Overview
Qwen2.5-Coder-32B-Instruct is the largest model in Alibaba's Qwen2.5-Coder series, a line of code-specialized LLMs formerly known as CodeQwen. The series spans six sizes from 0.5B to 32B; this 32.5B instruction-tuned model is the flagship. It was built on the Qwen2.5 base and trained on 5.5 trillion tokens spanning source code, text-code grounding data, and synthetic data. The architecture is a causal transformer with RoPE, SwiGLU, RMSNorm, GQA attention (40 query heads, 8 key/value heads), and 64 layers.
What it is good at
At release it was the strongest open-source code model, with coding ability Qwen reports as comparable to GPT-4o. It leads open models on EvalPlus, LiveCodeBench, and BigCodeBench, scores 73.7 on the Aider code-repair benchmark, and reaches 65.9 on McEval across more than 40 programming languages. Beyond raw generation it handles code reasoning and code fixing, and it keeps the math and general reasoning strengths of the Qwen2.5 base, which makes it a practical backbone for code agents.
Running locally
The dense 32B model runs on a single 24 GB GPU such as an RTX 3090 or 4090 at 4-bit quantization.
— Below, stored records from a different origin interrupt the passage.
(* Let $(S_j)_{j\ge1}$ be a $\boldsymbol\mu$-geometrically Cauchy sequence in $\mathbb T$. Then there is $S\in\mathbb T$ such that $S_j$ converges $\boldsymbol\mu$-geometrically to $S$.
   Context: $\mathbb T$ is the field of real grid-based transseries over the ordered group $\mathfrak G$ of transmonomials; $\operatorname{mag}T$ is the dominant monomial of $T\ne0$. A ratio set is a finite $\boldsymbol\mu\subset\{\mathfrak g\prec1\}$; $\boldsymbol\mu^*$ (resp. $\boldsymbol\mu^+$) is the set of products of zero or more (resp. one or more) elements of $\boldsymbol\mu$. Monomials: $\mathfrak m\prec^{\boldsymbol\mu}\mathfrak n$ iff $\mathfrak m/\mathfrak n\in\boldsymbol\mu^+$; transseries: $A\prec^{\boldsymbol\mu}B$ (written also $B\succ^{\boldsymbol\mu}A$) iff each $\mathfrak a\in\operatorname{supp}A$ is $\prec^{\boldsymbol\mu}$ some $\mathfrak b\in\operatorname{supp}B$. $\boldsymbol\mu$ witnesses nonzero $T$ iff $\operatorname{supp}T\subseteq(\operatorname{mag}T)\boldsymbol\mu^*$. A sequence $(S_j)$ is $\boldsymbol\mu$-geometrically Cauchy if for all $j$, $\boldsymbol\mu$ witnesses $S_{j+1}-S_j$ and (for $j\ge2$) $S_j-S_{j-1}\succ^{\boldsymbol\mu}S_{j+1}-S_j$; equivalently the series $\sum_{j\ge1}(S_{j+1}-S_j)$ is $\boldsymbol\mu$-geometrically convergent, where $\sum A_j$ is $\boldsymbol\mu$-geometrically convergent if $\boldsymbol\mu$ witnesses each $A_j$ and $A_j\succ^{\boldsymbol\mu}A_{j+1}$ for all $j$. $S_j$ converges $\boldsymbol\mu$-geometrically to $S$ if for all $j$, $\boldsymbol\mu$ witnesses $S-S_j$ and $S-S_j\succ^{\boldsymbol\mu}S-S_{j+1}$. *)

From HB Require Import structures.
From mathcomp Require Import all_boot all_order all_algebra.
From mathcomp Require Import all_classical all_reals.
Set Implicit Arguments. Unset Strict Implicit. Unset Printing Implicit Defensive.
Import Order.TTheory GRing.Theory Num.Theory.
Local Open Scope ring_scope.

(* The monomial group 𝔊 is written ADDITIVELY: G : porderZmodType, where
   the order "<" on G is the asymptotic dominance order "≺" on monomials,
   the group operation "+" is the monomial product, and 0 is the monomial 1.
   We require the order to be total and translation invariant, i.e. G is an
   ordered abelian group (as the group of transmonomials is). *)
Definition ordered_abelian_group (G : porderZmodType) : Prop :=
  (forall x y : G, (x <= y) || (y <= x)) /\
  (forall x y z : G, x <= y -> x + z <= y + z).

Definition series (G : porderZmodType) (R : realType) := G -> R.

Definition sub_series G R (A B : series G R) : series G R := fun g => A g - B g.

Definition mstar (G : porderZmodType) (mu : seq G) (g : G) : Prop :=
  exists c : 'I_(size mu) -> nat,
    g = \sum_(i < size mu) (nth 0 mu i) *+ c i.

Definition mplus (G : porderZmodType) (mu : seq G) (g : G) : Prop :=
  exists c : 'I_(size mu) -> nat,
    (0 < \sum_(i < size mu) c i)%N /\
    g = \sum_(i < size mu) (nth 0 mu i) *+ c i.

Definition ratio_set (G : porderZmodType) (mu : seq G) : Prop :=
  forall g, g \in mu -> g < 0.

Definition grid_based (G : porderZmodType) (R : realType) (A : series G R) : Prop :=
  exists (m : G) (mu : seq G), ratio_set mu /\
    forall g, A g != 0 -> exists h, mstar mu h /\ g = m + h.

Definition is_mag (G : porderZmodType) (R : realType) (A : series G R) (m : G) : Prop :=
  A m != 0 /\ forall g, A g != 0 -> g <= m.

Definition witnesses (G : porderZmodType) (R : realType) (mu : seq G) (A : series G R) : Prop :=
  (exists g, A g != 0) /\
  exists m, is_mag A m /\ forall g, A g != 0 -> exists h, mstar mu h /\ g = m + h.

Definition mprec (G : porderZmodType) (mu : seq G) (m n : G) : Prop :=
  exists h, mplus mu h /\ m = n + h.

Definition sprec (G : porderZmodType) (R : realType) (mu : seq G) (A B : series G R) : Prop :=
  forall a, A a != 0 -> exists b, B b != 0 /\ mprec mu a b.

Definition geom_cauchy (G : porderZmodType) (R : realType) (mu : seq G)
  (S : nat -> series G R) : Prop :=
  forall j, (1 <= j)%N ->
    witnesses mu (sub_series (S j.+1) (S j)) /\
    ((2 <= j)%N -> sprec mu (sub_series (S j.+1) (S j)) (sub_series (S j) (S j.-1))).

Definition geom_converges (G : porderZmodType) (R : realType) (mu : seq G)
  (S : nat -> series G R) (L : series G R) : Prop :=
  forall j, (1 <= j)%N ->
    witnesses mu (sub_series L (S j)) /\
    sprec mu (sub_series L (S j.+1)) (sub_series L (S j)).

From mathcomp Require Import all_boot all_order all_algebra.
From mathcomp Require Import all_classical all_reals.
Import Order.TTheory GRing.Theory Num.Theory.
Set Implicit Arguments. Unset Strict Implicit. Unset Printing Implicit Defensive.
Local Open Scope ring_scope.

(* Write D_j := S_(j+1) - S_j.  Chaining the relations D_k ≺^μ D_(k-1) down
   to D_j shows that every monomial in the support of a later difference D_k
   (k > j) is ≺^μ mag D_j.  Coefficientwise, the limit L takes the eventual
   value of S_k at every monomial at which the sequence settles.  If
   (L - S_j) g <> 0 then D_k g <> 0 for some k >= j, so supp (L - S_j) lies in
   (mag D_j) μ^*, and L - S_j agrees with D_j at mag D_j since no later
   difference reaches that monomial.  Hence mag (L - S_j) = mag D_j, which
   gives both the witnessing and the ≺^μ-decrease of the tails. *)

Section OrderedGroup.
Variable G : porderZmodType.
Hypothesis HG : ordered_abelian_group G.
Implicit Types x y z : G.

Lemma oag_lerD2r x y z : x <= y -> x + z <= y + z.
Proof. by case: HG => _; apply. Qed.

Lemma oag_ler_nDl x y : x <= 0 -> x + y <= y.
Proof. by move=> /(oag_lerD2r y); rewrite add0r. Qed.

Lemma oag_ltr_nDl x y : x < 0 -> x + y < y.
Proof.
move=> x_lt0; rewrite lt_neqAle oag_ler_nDl ?ltW // andbT.
by rewrite -subr_eq0 addrK lt_eqF.
Qed.

Lemma oag_addr_le0 x y : x <= 0 -> y <= 0 -> x + y <= 0.
Proof. by move=> /(oag_ler_nDl y) /le_trans; apply. Qed.

Lemma oag_addr_lt0 x y : x < 0 -> y <= 0 -> x + y < 0.
Proof. by move=> /(oag_ltr_nDl y) /lt_le_trans; apply. Qed.

Lemma oag_mulrn_le0 x n : x <= 0 -> x *+ n <= 0.
Proof. by move=> x_le0; elim: n => [|n IHn]; rewrite ?mulr0n // mulrS oag_addr_le0. Qed.

End OrderedGroup.

Section Monoid.
Variable G : porderZmodType.
Implicit Types (mu nu : seq G) (x y : G).

Lemma mstar0 mu : mstar mu 0.
Proof. by exists (fun=> 0%N); rewrite big1 // => i _; rewrite mulr0n. Qed.

Lemma sum_mulrnD mu (c1 c2 : 'I_(size mu) -> nat) :
  \sum_(i < size mu) nth 0 mu i *+ (c1 i + c2 i) =
  \sum_(i < size mu) nth 0 mu i *+ c1 i + \sum_(i < size mu) nth 0 mu i *+ c2 i.
Proof. by rewrite -big_split; apply: eq_bigr => i _; rewrite mulrnDr. Qed.

Lemma mstarD mu x y : mstar mu x -> mstar mu y -> mstar mu (x + y).
Proof. by move=> [c1 ->] [c2 ->]; exists (fun i => c1 i + c2 i)%N; rewrite sum_mulrnD. Qed.

Lemma mstarMn mu x n : mstar mu x -> mstar mu (x *+ n).
Proof.
by move=> mux; elim: n => [|n IHn]; rewrite ?mulr0n ?mulrS; [exact: mstar0 | apply: mstarD].
Qed.

Lemma mem_mstar mu x : x \in mu -> mstar mu x.
Proof.
move=> mu_x; pose i0 := Ordinal (etrans (index_mem x mu) mu_x).
exists (fun i => nat_of_bool (i == i0)).
rewrite (bigD1 i0) //= eqxx mulr1n big1 ?addr0 ?nth_index // => i /negbTE ->.
by rewrite mulr0n.
Qed.

Lemma mstar_sub mu nu x : {subset mu <= nu} -> mstar mu x -> mstar nu x.
Proof.
move=> mu_nu [c ->]; apply: (big_ind (mstar nu)) => [||i _].
- exact: mstar0.
- exact: mstarD.
by apply/mstarMn/mem_mstar/mu_nu/mem_nth.
Qed.

Lemma mplus_mstar mu x : mplus mu x -> mstar mu x.
Proof. by move=> [c [_ ->]]; exists c. Qed.

Lemma mstar_mplusD mu x y : mstar mu x -> mplus mu y -> mplus mu (x + y).
Proof.
move=> [c1 ->] [c2 [c2_gt0 ->]]; exists (fun i => c1 i + c2 i)%N.
by rewrite sum_mulrnD big_split /= (leq_trans c2_gt0) ?leq_addl.
Qed.

End Monoid.

Section RatioSet.
Variables (G : porderZmodType) (mu : seq G).
Hypothesis HG : ordered_abelian_group G.
Hypothesis Hmu : ratio_set mu.

Lemma ratio_sum_le0 (P : pred 'I_(size mu)) (c : 'I_(size mu) -> nat) :
  \sum_(i < size mu | P i) nth 0 mu i *+ c i <= 0.
Proof.
apply: (big_ind (fun x : G => x <= 0)) => [//||i _]; first exact: oag_addr_le0.
by apply/(oag_mulrn_le0 HG)/ltW/Hmu/mem_nth.
Qed.

Lemma mstar_le0 x : mstar mu x -> x <= 0.
Proof. by move=> [c ->]; apply: ratio_sum_le0. Qed.

Lemma mplus_lt0 x : mplus mu x -> x < 0.
Proof.
move=> [c [c_gt0 ->]].
have [i0 ci0_gt0] : exists i, (0 < c i)%N.
  apply: contrapT => /forallNP c0; move: c_gt0; rewrite big1 // => i _.
  by apply/eqP; rewrite -leqn0 leqNgt; apply/negP/c0.
have mu_i0 : nth 0 mu i0 < 0 by apply/Hmu/mem_nth.
rewrite (bigD1 i0) //= -(prednK ci0_gt0) mulrS.
by rewrite -addrA oag_addr_lt0 // oag_addr_le0 ?ratio_sum_le0 ?oag_mulrn_le0 ?ltW.
Qed.

Lemma mprec_lt x y : mprec mu x y -> x < y.
Proof. by move=> [h [/mplus_lt0 h_lt0 ->]]; rewrite addrC oag_ltr_nDl. Qed.

End RatioSet.

Section GridBased.
Variables (G : porderZmodType) (R : realType).
Hypothesis HG : ordered_abelian_group G.

Definition supp_grid (mu : seq G) (m : G) (A : series G R) : Prop :=
  forall g, A g != 0 -> exists h, mstar mu h /\ g = m + h.

Lemma supp_grid_le mu m (A : series G R) g :
  ratio_set mu -> supp_grid mu m A -> A g != 0 -> g <= m.
Proof.
move=> Hmu Am /Am [h [/(mstar_le0 HG Hmu) h_le0 ->]].
by rewrite addrC oag_ler_nDl.
Qed.

(* Two grids a ν^* and b μ^* with a <= b lie in the single grid b λ^*, where
   λ collects the negative elements of ν, μ and a - b. *)
Lemma grid_based_of_cover (A : series G R) (a b : G) (nu mu : seq G) :
  ratio_set nu -> ratio_set mu ->
  (forall g, A g != 0 ->
     (exists h, mstar nu h /\ g = a + h) \/ (exists h, mstar mu h /\ g = b + h)) ->
  grid_based A.
Proof.
wlog a_le_b : a b nu mu / a <= b => [wlog_ab|] nu_ratio mu_ratio A_cover.
  case/orP: (HG.1 a b) => [ab|ba]; first exact: (wlog_ab a b nu mu).
  by apply: (wlog_ab b a mu nu) => // g /A_cover []; [right | left].
pose lam := [seq x <- a - b :: nu ++ mu | x < 0].
have nu_lam : {subset nu <= lam}.
  by move=> x nu_x; rewrite mem_filter nu_ratio //= inE mem_cat nu_x orbT.
have mu_lam : {subset mu <= lam}.
  by move=> x mu_x; rewrite mem_filter mu_ratio //= inE mem_cat mu_x !orbT.
have lam_ab : mstar lam (a - b).
  have : a - b <= 0 by rewrite -(subrr b) oag_lerD2r.
  rewrite le_eqVlt => /orP[/eqP -> | ab_lt0]; first exact: mstar0.
  by apply: mem_mstar; rewrite mem_filter ab_lt0 inE eqxx.
exists b, lam; split=> [x|g /A_cover [] [h [hh ->]]]; first by rewrite mem_filter => /andP[].
  exists (a - b + h); split; first exact: mstarD lam_ab (mstar_sub nu_lam hh).
  by rewrite addrA addrCA subrr addr0.
by exists h; split; first exact: mstar_sub mu_lam hh.
Qed.

End GridBased.

Section Limit.
Variables (G : porderZmodType) (R : realType) (S : nat -> series G R).

Definition settles (g : G) (N : nat) : Prop := forall k, (N <= k)%N -> S k.+1 g = S k g.

(* At a monomial where S never settles, [xget] falls back to index 0 and the
   value is junk; no lemma below depends on it. *)
Definition geom_limit : series G R := fun g => S (xget 0%N (settles g)) g.

Lemma settles_const g N k : settles g N -> (N <= k)%N -> S k g = S N g.
Proof.
move=> SgN; elim: k => [|k IHk]; first by rewrite leqn0 => /eqP ->.
by rewrite leq_eqVlt => /orP[/eqP -> // | /[dup] /IHk <- /SgN].
Qed.

Lemma geom_limit_settled g N : settles g N -> geom_limit g = S N g.
Proof.
move=> SgN; have := xgetPex 0%N (ex_intro _ N SgN); set M := xget _ _ => SgM.
by rewrite /geom_limit -/M -(settles_const SgM (leq_maxl M N)) (settles_const SgN (leq_maxr M N)).
Qed.

Lemma geom_limit_sub_neq0 g j :
  sub_series geom_limit (S j) g != 0 ->
  exists2 k, (j <= k)%N & sub_series (S k.+1) (S k) g != 0.
Proof.
apply: contraNP => no_later; rewrite /sub_series (geom_limit_settled (N := j)) ?subrr //.
move=> k jk; apply/eqP; rewrite -subr_eq0; apply/negPn/negP => Dkg.
by apply: no_later; exists k.
Qed.

End Limit.

Section GeomCauchy.
Variables (G : porderZmodType) (R : realType) (mu : seq G) (S : nat -> series G R).
Hypothesis HG : ordered_abelian_group G.
Hypothesis Hmu : ratio_set mu.
Hypothesis Hc : geom_cauchy mu S.

Local Notation D k := (sub_series (S k.+1) (S k)).
Local Notation L := (geom_limit S).

Lemma geom_cauchy_mprec j m : (1 <= j)%N -> supp_grid mu m (D j) ->
  forall k, (j < k)%N -> forall a, D k a != 0 -> mprec mu a m.
Proof.
move=> j_ge1 Djm; elim=> [//|k IHk] jk a Dka.
have Sk_ge2 : (2 <= k.+1)%N by rewrite ltnS (leq_trans j_ge1).
have [b [Dkb [h [hh ->]]]] := (Hc (ltnW Sk_ge2)).2 Sk_ge2 a Dka.
have [h' [mu_h' ->]] : exists h', mstar mu h' /\ b = m + h'.
  move: jk; rewrite ltnS leq_eqVlt => /orP[/eqP jk | /IHk/(_ b Dkb)].
    by rewrite jk in Djm; apply: Djm.
  by move=> [h' [/mplus_mstar mu_h' ->]]; exists h'.
by exists (h' + h); split; [exact: mstar_mplusD | rewrite addrA].
Qed.

Lemma geom_limit_supp_grid j m : (1 <= j)%N -> supp_grid mu m (D j) ->
  supp_grid mu m (sub_series L (S j)).
Proof.
move=> j_ge1 Djm g /geom_limit_sub_neq0 [k]; rewrite leq_eqVlt => /orP[/eqP <- | jk Dkg].
  exact: Djm.
by have [h [/mplus_mstar mu_h ->]] := geom_cauchy_mprec j_ge1 Djm jk Dkg; exists h.
Qed.

Lemma geom_limit_grid_based : grid_based (S 1%N) -> grid_based L.
Proof.
move=> [m [nu [nu_ratio S1m]]].
have [[_ [m1 [_ D1m1]]] _] := Hc (isT : (1 <= 1)%N).
apply: (grid_based_of_cover HG (a := m) (b := m1) nu_ratio Hmu) => g Lg.
have [S1g0|S1g] := eqVneq (S 1%N g) 0; last by left; apply: S1m.
by right; apply: (geom_limit_supp_grid _ D1m1) => //; rewrite /sub_series S1g0 subr0.
Qed.

Lemma geom_limit_sub_mag j m : (1 <= j)%N -> supp_grid mu m (D j) ->
  sub_series L (S j) m = D j m.
Proof.
move=> j_ge1 Djm; rewrite /sub_series (geom_limit_settled (N := j.+1)) // => k jk.
apply/eqP; rewrite -subr_eq0; apply/negPn/negP => Dkm.
by have := mprec_lt HG Hmu (geom_cauchy_mprec j_ge1 Djm jk Dkm); rewrite ltxx.
Qed.

Lemma geom_limit_is_mag j m : (1 <= j)%N -> is_mag (D j) m -> supp_grid mu m (D j) ->
  is_mag (sub_series L (S j)) m.
Proof.
move=> j_ge1 [Djm_neq0 _] Djm; split; first by rewrite geom_limit_sub_mag.
by move=> g; apply: (supp_grid_le HG Hmu); apply: geom_limit_supp_grid.
Qed.

Lemma geom_limit_witnesses j : (1 <= j)%N -> witnesses mu (sub_series L (S j)).
Proof.
move=> j_ge1; have [_ [m [mag_m Djm]]] := (Hc j_ge1).1.
have mag_Lm := geom_limit_is_mag j_ge1 mag_m Djm.
split; first by exists m; case: mag_Lm.
by exists m; split; last exact: geom_limit_supp_grid.
Qed.

Lemma geom_limit_sprec j : (1 <= j)%N ->
  sprec mu (sub_series L (S j.+1)) (sub_series L (S j)).
Proof.
move=> j_ge1; have [_ [m [mag_m Djm]]] := (Hc j_ge1).1.
move=> a /geom_limit_sub_neq0 [k jk Dka]; exists m; split.
  by case: (geom_limit_is_mag j_ge1 mag_m Djm).
exact: geom_cauchy_mprec j_ge1 Djm k jk a Dka.
Qed.

End GeomCauchy.

Theorem proposition3p19 (G : porderZmodType) (R : realType)
  (HG : ordered_abelian_group G)
  (mu : seq G) (Hmu : ratio_set mu)
  (S : nat -> series G R)
  (HS : forall j, (1 <= j)%N -> grid_based (S j))
  (Hc : geom_cauchy mu S) :
  exists L : series G R, grid_based L /\ geom_converges mu S L.
Proof.
exists (geom_limit S); split; first exact: geom_limit_grid_based HG Hmu Hc (HS 1%N isT).
by move=> j j_ge1; split; [apply: geom_limit_witnesses | apply: geom_limit_sprec].
Qed.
Full BF16 inference needs roughly 65 GB and usually two cards. There are over a hundred community quantizations in GGUF, AWQ, and GPTQ formats, so it also runs on Apple Silicon Macs with 32 GB or more of unified memory through llama.cpp or Ollama. For long-context work past 32K tokens you enable YaRN rope scaling in config.json; Qwen recommends turning it on only when needed, since static YaRN can reduce quality on short inputs. vLLM is the recommended high-throughput serving framework.
License
The model is released under Apache 2.0. That permits commercial use, modification, and redistribution, and only requires preserving the license and attribution notices. There is no separate acceptable-use addendum, which makes it straightforward to embed in commercial products.